Когда колдуны увидали это странное зрелище, они сдвинулись с места и поползли наискось горы. Они не смели подняться ближе к страшному Реку, но они подобрались почти вплотную к живому потоку. Это были пеструшки-странники, мельче обыкновенных и поразительно однообразного вида. Они шли правильными рядами, как катятся волны по мелкому песку. Но, приглядевшись внимательно, Спанда и Юн увидали, что не все крысы были в одном состоянии. Огромное большинство шло, соблюдая странный порядок, но были и такие, которые выскакивали из рядов, кружились и даже кувыркались. Иные падали и катались на месте, препятствуя движению задних рядов, а затем замирали в неподвижности. Другие поднимались и снова ползли вверх и через силу доползали до этой всепоглощающей пасти.

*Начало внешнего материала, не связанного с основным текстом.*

(* With [i] the key coordinate of group [k] at [x] and [j] in another group,
   the event [X_k = x_k] contains [X_i = x_i, X_j = 1], one of the events in [p_min]. *)
Lemma agree_mass_ge_pmin k x : 0 < P x -> pmin P grp <= agree_mass P (Xg grp k) x.
Proof.
move=> hx; have [i gi key] := group_key_coord k hx.
have [k' k'k] := exists_other_group k; have [j gj] := grp_surj k'.
have mass_ge : Pr P (fun y => (y i == x i) && (y j == true)) <= agree_mass P (Xg grp k) x.
  rewrite /Pr /agree_mass big_mkcond [leRHS]big_mkcond /=; apply: ler_sum => y _.
  have := P_ge0 y; rewrite le_eqVlt => /orP[/eqP <-|hy]; first by do 2!case: ifP.
  by rewrite key //; case: (y i == x i); case: (y j == true).
apply: le_trans mass_ge.
have ij : grp i != grp j by rewrite gi gj eq_sym.
pose ordered (ij : 'I_p * 'I_p) := (grp ij.1 < grp ij.2)%N.
case: (ltngtP (grp i) (grp j)) => [lt_ij|lt_ji|eq_ij].
- apply: le_trans; first exact: (@bigmin_le_cond _ _ _ _ (i, j) ordered).
  exact: (@bigmin_le _ _ _ _ (x i, true)).
- apply: le_trans; first exact: (@bigmin_le_cond _ _ _ _ (j, i) ordered).
  apply: le_trans; first exact: (@bigmin_le _ _ _ _ (true, x i)).
  by rewrite le_eqVlt; apply/orP; left; apply/eqP/eq_bigl => y; rewrite /= andbC.
- by move: ij; rewrite (val_inj eq_ij) eqxx.
Qed.

(* [E_k u (x) = E[u 1_{X_k = x_k}] / P(X_k = x_k)]; pulling [1_{X_k = x_k}] through
   [E_{-k}] (legal as [u] is [X_{-k}]-measurable) and subtracting its mean
   (legal as [E u = 0]) leaves a factor bounded by [delta_0]. *)
Lemma abs_condE_group_le k (u : Omega p -> R) x :
  0 < pmin P grp -> 0 < P x -> determined_by (~: Xg grp k) u -> Ex P u = 0 ->
  `|condE P (Xg grp k) u x| <= delta0 P grp / pmin P grp * Ex P (fun z => `|u z|).
Proof.
move=> pmin_gt0 hx u_det u_mean.
set e := agree_ind R (Xg grp k) x; set D := agree_mass P (Xg grp k) x.
have D_ge : pmin P grp <= D by apply: agree_mass_ge_pmin.
have D_gt0 : 0 < D by apply: lt_le_trans D_ge.
have num_eq : agree_sum P (Xg grp k) u x
    = Ex P (fun z => u z * (condE P (~: Xg grp k) e z - D)).
  have -> : Ex P (fun z => u z * (condE P (~: Xg grp k) e z - D))
      = Ex P (fun z => u z * condE P (~: Xg grp k) e z) - D * Ex P u.
    by rewrite -ExZ -ExB; apply: eq_Ex => z; ring.
  by rewrite u_mean mulr0 subr0 Ex_mul_condE // agree_sum_Ex.
have num_le : `|agree_sum P (Xg grp k) u x| <= delta0 P grp * Ex P (fun z => `|u z|).
  rewrite num_eq -ExZ; apply: le_trans (abs_Ex_le P_ge0 _) _.
  apply: ler_Ex_support => // z hz.
  rewrite normrM mulrC ler_wpM2r // /D -Ex_agree_ind.
  exact: agree_ind_dev.
rewrite condE_ratio normrM normfV (gtr0_norm D_gt0) ler_pdivrMr //.
apply: le_trans num_le _.
have ge1 : 1 <= D / pmin P grp by rewrite ler_pdivlMr // mul1r.
rewrite (_ : _ * D = delta0 P grp * Ex P (fun z => `|u z|) * (D / pmin P grp));
  last first.
  by field; rewrite gt_eqF.
by rewrite ler_peMr // mulr_ge0 ?delta0_ge0 ?Ex_ge0.
Qed.
Lemma measurable_empty : measurable P (fun _ => False).
Proof.
  replace (fun _ : Omega => False) with (fun _ : Omega => ~ True) by (apply pred_ext; tauto).
  apply meas_compl, meas_full.
Qed.

Lemma measurable_or X Y : measurable P X -> measurable P Y -> measurable P (fun w => X w \/ Y w).
Proof.
  intros HX HY.
  replace (fun w => X w \/ Y w) with (fun w => exists k, (match k with O => X | _ => Y end) w).
  - apply meas_cunion. intros [|k]; assumption.
  - apply pred_ext. intros w; split.
    + intros [[|k] Hk]; auto.
    + intros [H|H]; [exists O | exists 1%nat]; exact H.
Qed.

Lemma measurable_and X Y : measurable P X -> measurable P Y -> measurable P (fun w => X w /\ Y w).
Proof.
  intros HX HY.
  replace (fun w => X w /\ Y w) with (fun w => ~ (~ X w \/ ~ Y w)).
  - apply meas_compl, measurable_or; apply meas_compl; assumption.
  - apply pred_ext. intros w. tauto.
Qed.

Lemma measurable_guard (Q : Prop) X : (Q -> measurable P X) -> measurable P (fun w => Q /\ X w).
Proof.
  intros HX. destruct (classic Q) as [HQ|HQ].
  - replace (fun w => Q /\ X w) with X by (apply pred_ext; tauto). auto.
  - replace (fun w => Q /\ X w) with (fun _ : Omega => False) by (apply pred_ext; tauto).
    apply measurable_empty.
Qed.

Lemma pr_ext X Y : (forall w, X w <-> Y w) -> pr P X = pr P Y.
Proof. intros H. f_equal. apply pred_ext, H. Qed.

(* The empty event has probability p with p + p + ... = p, whence p = 0. *)
Lemma pr_empty : pr P (fun _ => False) = 0.
Proof.
  pose proof (pr_sigma_additive _ P (fun _ _ => False) (fun _ => measurable_empty)
                (fun _ _ _ _ H _ => H)) as Hsum. cbv beta in Hsum.
  rewrite (pr_ext (fun w => exists _ : nat, False) (fun _ => False)) in Hsum by firstorder.
  set (p := pr P (fun _ => False)) in *.
  destruct (Req_dec p 0) as [|Hp]; [assumption|exfalso].
  destruct (Hsum (Rabs p) (Rabs_pos_lt p Hp)) as [N HN].
  specialize (HN (S N) (le_S _ _ (le_n N))).
  unfold Rdist in HN. rewrite sum_cte in HN.
  replace (p * INR (S (S N)) - p) with (INR (S N) * p) in HN by (rewrite (S_INR (S N)); ring).
  rewrite Rabs_mult, (Rabs_right (INR (S N))) in HN by (apply Rle_ge, pos_INR).
  assert (1 <= INR (S N)) by (rewrite S_INR; pose proof (pos_INR N); lra).
  pose proof (Rabs_pos_lt p Hp). nra.
Qed.
Lemma prov_sound p : prov k p -> valid p.
Proof.
elim=> {p}.
- by move=> p Ht M _ s _; apply/sat_peval.
- by [].
- by move=> t1 t2 M _ s _; apply/sat_fImp => /= ->.
- by move=> t1 t2 t3 M _ s _; apply/sat_fImp => /= -[-> ->].
- move=> t1 t2 a M _ s _; apply/sat_fImp => H; rewrite sat_fIff !sat_emb bsubstE.
  by symmetry; apply: bsat_map_terms => t _; rewrite /tsubst; case: ifP => // /term_eqbP ->.
- move=> p q _ IHpq _ IHp M HM s Hs.
  by move/sat_fImp: (IHpq M HM s Hs); apply; apply: IHp.
- move=> c M _ s _; apply/sat_bigOrF.
  have [e ce] := relR_serial (icons M c); have [t te] := icons_onto e.
  exists (FR arity (tc c) (tc t)); last by rewrite /= te.
  by apply/In_map; exists t; rewrite In_enum.
- move=> z M _ s _; apply/sat_bigOrF.
  have [c cz] := icons_onto (Defs.sval s z).
  by exists (feq (tv z) (tc c)); [apply/In_map; exists c; rewrite In_enum | ].
- exact: valid_ksight.
- move=> z a b M _ s _; apply/sat_fImp => Kab; apply/sat_fImp => Ka u Hu Hus.
  by apply: NNPP => Hb; apply: (Kab u Hu Hus); split=> //; apply: Ka.
- move=> z a M _ s Hs; apply/sat_fImp => H; apply/sat_emb.
  by apply: H => //; apply: sim_refl.
- exact: valid_KGround.
- by move=> z as_ bs a _ _; apply: valid_KAdd.
- by move=> z as_ bs a b _ _; apply: valid_KElim.
- move=> z t c M _ s _; apply/sat_fImp => tc_eq; rewrite sat_fIff /=.
  by split=> H u Hu Hus; rewrite H.
- exact: valid_StructK.
Qed.

End Soundness.

(** * Derived theorems and maximal consistent sets *)

Section Derivations.
Variable k : nat.

Lemma prov_dia_top z : prov k (dia z bTOP).
Proof.
apply: (@prov_taut_consequence k [:: TOP; fImp (FKa z (BNeg bTOP)) (emb (BNeg bTOP))]).
- by move=> p [<-|[<-|[]]]; [apply: prov_fTop | apply: Ax_T].
- case_valuation.
Qed.

(* Necessitation is derived from K-Additivity with the premise [<K_z> T]. *)
Lemma prov_K_nec z (a : bform) : prov k (emb a) -> prov k (FKa z a).
Proof.
move=> Ha; have Kadd : prov k (fImp (kphi z [::] [:: bTOP]) (FKa z a)).
  apply: R_KAdd => //; apply: (@prov_taut_consequence k [:: emb a]) => [p [<-|[]] //|].
  case_valuation.
apply: (@prov_taut_consequence k [:: fImp (kphi z [::] [:: bTOP]) (FKa z a); dia z bTOP]).
- by move=> p [<-|[<-|[]]]; [apply: Kadd | apply: prov_dia_top].
- case_valuation.
Qed.

(* Wherever [z' = c], [z'] is within sight of [z] by [Dc], so [z] knows [z' = c]; this is
   incompatible with the possibility of [z' = c'] for [c' <> c]. *)
Lemma prov_sight_excludes z c c' :
  let z' := other z in
  let Dc := bsubst (tc c) (tv z') (Dn arity k (tv z) (tv z')) in
  prov k (fImp (kphi z [:: Dc; BNeg (beq (tc c) (tc c'))] [:: beq (tv z') (tc c')])
               (FKa z (BNeg (beq (tv z') (tc c))))).
Proof.
move=> z' Dc; apply: R_KAdd => //.
set e1 := beq (tv z') (tc c); set e2 := beq (tv z') (tc c'); set e3 := beq (tc c) (tc c').
have K_e3_e1_e2 : prov k (FKa z (bImp (BNeg e3) (bImp e1 (BNeg e2)))).
  apply: prov_K_nec; apply: (@prov_taut_consequence k
    [:: fImp (emb e1) (feq (tc c) (tv z')); fImp (FAnd (feq (tc c) (tv z')) (emb e2)) (emb e3)]).
  - by move=> p [<-|[<-|[]]]; [apply: Ax_A2 | apply: Ax_A3].
  - case_valuation.
apply: (@prov_taut_consequence k [:: TOP;
   fImp (FKa z Dc) (emb Dc);
   fImp (emb e1) (feq (tc c) (tv z'));
   fImp (feq (tc c) (tv z')) (fIff (emb (Dn arity k (tv z) (tv z'))) (emb Dc));
   fImp (emb (Dn arity k (tv z) (tv z'))) (FKt arity z (tv z'));
   fImp (emb e1) (fIff (FKt arity z (tv z')) (FKa z e1));
   fImp (FKa z (bImp e1 (BNeg e2))) (fImp (FKa z e1) (FKa z (BNeg e2)));
   fImp (FKa z (bImp (BNeg e3) (bImp e1 (BNeg e2))))
        (fImp (FKa z (BNeg e3)) (FKa z (bImp e1 (BNeg e2))));
   FKa z (bImp (BNeg e3) (bImp e1 (BNeg e2)))]).
- move=> p [<-|[<-|[<-|[<-|[<-|[<-|[<-|[<-|[<-|[]]]]]]]]]].
  + exact: prov_fTop.
  + exact: Ax_T.
  + exact: Ax_A2.
  + exact: Ax_A4.
  + exact: Ax_ksight.
  + exact: Ax_DeRe.
  + exact: Ax_K.
  + exact: Ax_K.
  + exact: K_e3_e1_e2.
- case_valuation.
Qed.

Lemma consistent_subset (S S' : form -> Prop) :
  (forall p, S p -> S' p) -> consistent k S' -> consistent k S.
Proof. by move=> SS' S'cons [l [lS Hl]]; apply: S'cons; exists l; split=> // p /lS /SS'. Qed.

Definition maximal (G : form -> Prop) :=
  forall p, consistent k (fun q => G q \/ q = p) -> G p.

Section MaximalConsistent.
Variables (G : form -> Prop) (Gcons : consistent k G) (Gmax : maximal G).

Lemma mcs_refute p : ~ G p ->
  exists2 l, (forall q, List.In q l -> G q) & prov k (fImp (bigAnd l) (FNeg p)).
Proof.
move=> Gp; have /NNPP [l [lGp Hl]] : ~ consistent k (fun q => G q \/ q = p) by move/Gmax.
exists (filter (fun q => `[< G q >]) l) => [q /In_filter [_ /asboolP] //|].
apply: (@prov_taut_consequence k [:: TOP; fImp (bigAnd l) BOT]).
  by move=> q [<-|[<-|[]]] //; apply: prov_fTop.
move=> v /= /and3P [vTop vl _]; rewrite peval_bigAnd // in vl.
rewrite peval_bigAnd // negbK; apply/negP => /andP [vG vp].
suff vall : all (peval v) l by rewrite vall vTop in vl.
apply/allIn => q ql; case: (lGp q ql) => [Gq|-> //].
by apply: (proj1 (allIn _ _) vG); apply/In_filter; split => //; apply/asboolP.
Qed.

Lemma mcs_closed (ps : seq form) p :
  (forall q, List.In q ps -> G q) -> prov k (fImps ps p) -> G p.
Proof.
move=> psG Hps; apply: NNPP => /mcs_refute [l lG Hl]; apply: Gcons.
exists (ps ++ l); split; first by move=> q /In_cat [/psG|/lG].
apply: (@prov_taut_consequence k [:: TOP; fImps ps p; fImp (bigAnd l) (FNeg p)]).
  by move=> q [<-|[<-|[<-|[]]]] //; apply: prov_fTop.
move=> v /= /and4P [vTop vps vl _]; rewrite !peval_bigAnd // all_cat in vl *.
rewrite peval_fImps vTop in vps *; move: vps vl.
by case: (all _ ps); case: (all _ l); case: (peval v p).
Qed.

Lemma mcs_prov p : prov k p -> G p.
Proof. exact: (@mcs_closed [::]). Qed.

Lemma mcs_taut_consequence (ps : seq form) p : (forall q, List.In q ps -> G q) ->
  (forall v, peval v TOP -> all (peval v) ps -> peval v p) -> G p.
Proof.
move=> psG conseq; apply: (mcs_closed psG).
apply: (@prov_taut_consequence k [:: TOP]) => [q [<-|[]] //|]; first exact: prov_fTop.
by move=> v /= /andP [vTop _]; rewrite peval_fImps; apply/implyP/conseq.
Qed.

Lemma mcs_neg p : G (FNeg p) <-> ~ G p.
Proof.
split=> [Gnp Gp | /mcs_refute [l lG Hl]].
  apply: Gcons; exists [:: p; FNeg p]; split=> [q [<-|[<-|[]]] //|].
  by apply: Ax_Tau; case_valuation.
apply: (mcs_closed lG); apply: (@prov_taut_consequence k [:: TOP; fImp (bigAnd l) (FNeg p)]).
  by move=> q [<-|[<-|[]]] //; apply: prov_fTop.
move=> v /= /and3P [vTop vl _]; rewrite peval_fImps; rewrite peval_bigAnd // in vl.
by move: vl => /=; case: (all _ l); case: (peval v p).
Qed.

Lemma mcs_and p q : G (FAnd p q) <-> G p /\ G q.
Proof.
split=> [Gpq | [Gp Gq]].
  by split; apply: (@mcs_taut_consequence [:: FAnd p q]) => [r [<-|[]] //|]; case_valuation.
by apply: (@mcs_taut_consequence [:: p; q]) => [r [<-|[<-|[]]] //|]; case_valuation.
Qed.

Lemma mcs_MP p q : G (fImp p q) -> G p -> G q.
Proof.
move=> Gpq Gp.
by apply: (@mcs_taut_consequence [:: fImp p q; p]) => [r [<-|[<-|[]]] //|]; case_valuation.
Qed.

Lemma mcs_iff p q : G (fIff p q) -> (G p <-> G q).
Proof.
move=> Gpq; split=> [Gp | Gq].
  by apply: (@mcs_taut_consequence [:: fIff p q; p]) => [r [<-|[<-|[]]] //|]; case_valuation.
by apply: (@mcs_taut_consequence [:: fIff p q; q]) => [r [<-|[<-|[]]] //|]; case_valuation.
Qed.

Lemma mcs_bigAnd l : G (bigAnd l) <-> forall p, List.In p l -> G p.
Proof.
elim: l => [|p [|q l] IH] /=.
- by split=> // _; apply/mcs_prov/prov_fTop.
- by split=> [Gp r [<-|[]] | ]; [|apply; left].
- by rewrite mcs_and IH; split=> [[Gp Gl] r [<-|Hr] | H]; auto.
Qed.

Lemma mcs_bigOrF l : G (bigOrF l) -> exists2 p, List.In p l & G p.
Proof.
elim: l => [|p [|q l] IH] /=.
- by move/mcs_neg; case; apply/mcs_prov/prov_fTop.
- by exists p; auto.
have [Gp|Gnp] := classic (G p); first by exists p; auto.
move=> Gor; have /IH [r Hr Gr] : G (bigOrF (q :: l)).
  apply: (@mcs_taut_consequence [:: FNeg (FAnd (FNeg p) (FNeg (bigOrF (q :: l)))); FNeg p]).
    by move=> r [<-|[<-|[]]] //; apply/mcs_neg.
  by move=> v _ /=; case: (peval v p); case: (peval v (bigOrF (q :: l))).
by exists r; auto.
Qed.

(** * The canonical model *)

Lemma mcs_eq_refl t : G (feq t t).
Proof. exact/mcs_prov/Ax_A1. Qed.

Lemma mcs_eq_sym t1 t2 : G (feq t1 t2) -> G (feq t2 t1).
Proof. by apply/mcs_MP/mcs_prov/Ax_A2. Qed.

Lemma mcs_eq_trans t1 t2 t3 : G (feq t1 t2) -> G (feq t2 t3) -> G (feq t1 t3).
Proof.
move=> H12 H23; apply: (mcs_MP (p := FAnd (feq t1 t2) (feq t2 t3))).
  exact/mcs_prov/Ax_A3.
exact/mcs_and.
Qed.

Lemma mcs_eq_subst t1 t2 (a : bform) : G (feq t1 t2) ->
  (G (emb a) <-> G (emb (bsubst t1 t2 a))).
Proof. by move=> H; apply/mcs_iff/(mcs_MP _ H)/mcs_prov/Ax_A4. Qed.

Definition mcs_eqc (c d : Cons) : bool := `[< G (feq (tc c) (tc d)) >].

Lemma mcs_eqcc c : mcs_eqc c c.
Proof. exact/asboolP/mcs_eq_refl. Qed.

Definition rep (c : Cons) : Cons := xchoose (ex_intro (mcs_eqc c) c (mcs_eqcc c)).

Lemma mcs_eq_rep c : G (feq (tc c) (tc (rep c))).
Proof. exact/asboolP/(xchooseP (ex_intro (mcs_eqc c) c (mcs_eqcc c))). Qed.

Lemma rep_eqP c d : rep c = rep d <-> G (feq (tc c) (tc d)).
Proof.
split=> [cd | Gcd].
  by apply: mcs_eq_trans (mcs_eq_rep c) _; rewrite cd; apply/mcs_eq_sym/mcs_eq_rep.
apply: eq_xchoose => e; apply/asboolP/asboolP => He.
  exact: mcs_eq_trans (mcs_eq_sym Gcd) He.
exact: mcs_eq_trans Gcd He.
Qed.

Lemma rep_idem c : rep (rep c) = rep c.
Proof. exact/rep_eqP/mcs_eq_sym/mcs_eq_rep. Qed.

Definition rep_term (t : term) : term :=
  if t is TCons c then tc (rep c) else t.

Lemma mcs_rep_terms (a : bform) : G (emb a) <-> G (emb (map_terms rep_term a)).
Proof.
(* Replace the constants of [L] one at a time, by A4 with [c = rep c]. *)
pose rep_in (L : seq Cons) (t : term) :=
  if t is TCons c then (if c \in L then tc (rep c) else t) else t.
suff rep_inP L : G (emb a) <-> G (emb (map_terms (rep_in L) a)).
  rewrite (rep_inP (enum Cons)) (@eq_map_terms _ rep_term) // => -[d|v] //=.
  by rewrite mem_enum.
elim: L => [|c L IH]; first by rewrite (@eq_map_terms _ id) ?map_terms_id // => -[].
rewrite IH (mcs_eq_subst _ (mcs_eq_sym (mcs_eq_rep c))) bsubstE map_terms_comp.
rewrite (@eq_map_terms _ (rep_in (c :: L))) // => -[d|[]] //=.
rewrite in_cons /tsubst /=; case: (boolP (d \in L)) => dL; rewrite ?orbT ?orbF /=.
  by case: (rep d =P c) => // <-; rewrite rep_idem.
by case: (d =P c) => [->|].
Qed.

Definition cdom : finType := {c : Cons | rep c == c}.

Lemma rep_val (d : cdom) : rep (val d) = val d.
Proof. exact: eqP (valP d). Qed.

Definition ic (c : Cons) : cdom := exist _ (rep c) (introT eqP (rep_idem c)).

Lemma ic_onto (d : cdom) : exists c, ic c = d.
Proof. by exists (val d); apply: val_inj; rewrite /= rep_val. Qed.

Lemma ic_eqP c d : ic c = ic d <-> G (feq (tc c) (tc d)).
Proof.
rewrite -rep_eqP; split=> [/(congr1 val) // | cd].
by apply: val_inj.
Qed.

Definition cinterp (P : Pred) (ds : (arity P).-tuple cdom) : Prop :=
  G (FP (map_tuple (fun d : cdom => tc (val d)) ds)).

Definition crel (d e : cdom) : Prop := G (FR arity (tc (val d)) (tc (val e))).

Lemma crel_serial (d : cdom) : exists e, crel d e.
Proof.
have [_ /In_map [t [<- _]] Gdt] := mcs_bigOrF (mcs_prov (Ax_Seriality arity k (val d))).
exists (ic t); move/(mcs_rep_terms (BR arity _ _)): Gdt.
by rewrite /crel /= rep_val.
Qed.

Lemma cvar_ex z : exists c, `[< G (feq (tv z) (tc c)) >].
Proof.
have [_ /In_map [c [<- _]] Gzc] := mcs_bigOrF (mcs_prov (Ax_AtSomeWhere arity Cons k z)).
by exists c; apply/asboolP.
Qed.

Definition cvar (z : var) : Cons := xchoose (cvar_ex z).

Lemma mcs_eq_cvar z : G (feq (tv z) (tc (cvar z))).
Proof. exact/asboolP/(xchooseP (cvar_ex z)). Qed.

(* The set [T] such that [K_z (other z) = T] is in [G]. *)
Definition alt (z : var) : {set Cons} :=
  [set c | `[< G (dia z (beq (tv (other z)) (tc c))) >]].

Время катилось вперед, пеструшки поднимались вверх, и Дракон их глотал без устали, как бездна. Этому, казалось, не будет конца. Тогда Юн Черный выпрямился и сделал шаг вперед по направлению к Дракону.

— Слушай, бог, — сказал он громко, обращая лицо свое к лицу чудовища.

Рек шевельнулся и будто прислушался. Или, быть может, он, наконец, ощутил сытость в своей огромной утробе.

— Там есть маленький мальчик, — сказал Юн и указал головой в сторону стойбища. — Ты хочешь взять его в жертву. На что он тебе? Возьми другого.

Дракон молчал.

— Десять возьми, — предлагал Юн, — двадцать возьми.

Дракон не шевелился.

— Даю тебе живую часть моего тела! — крикнул Юн. Он выхватил топор, опустился на одно колено, положил левую руку на камень и с размаху ударил топором по мизинцу. Кость хрустнула, и палец повис у нижнего сустава на сплющенных волокнах. Юн вынул нож и быстро перерезал расплющенные ткани. Потом правой рукой бросил палец по направлению к Дракону.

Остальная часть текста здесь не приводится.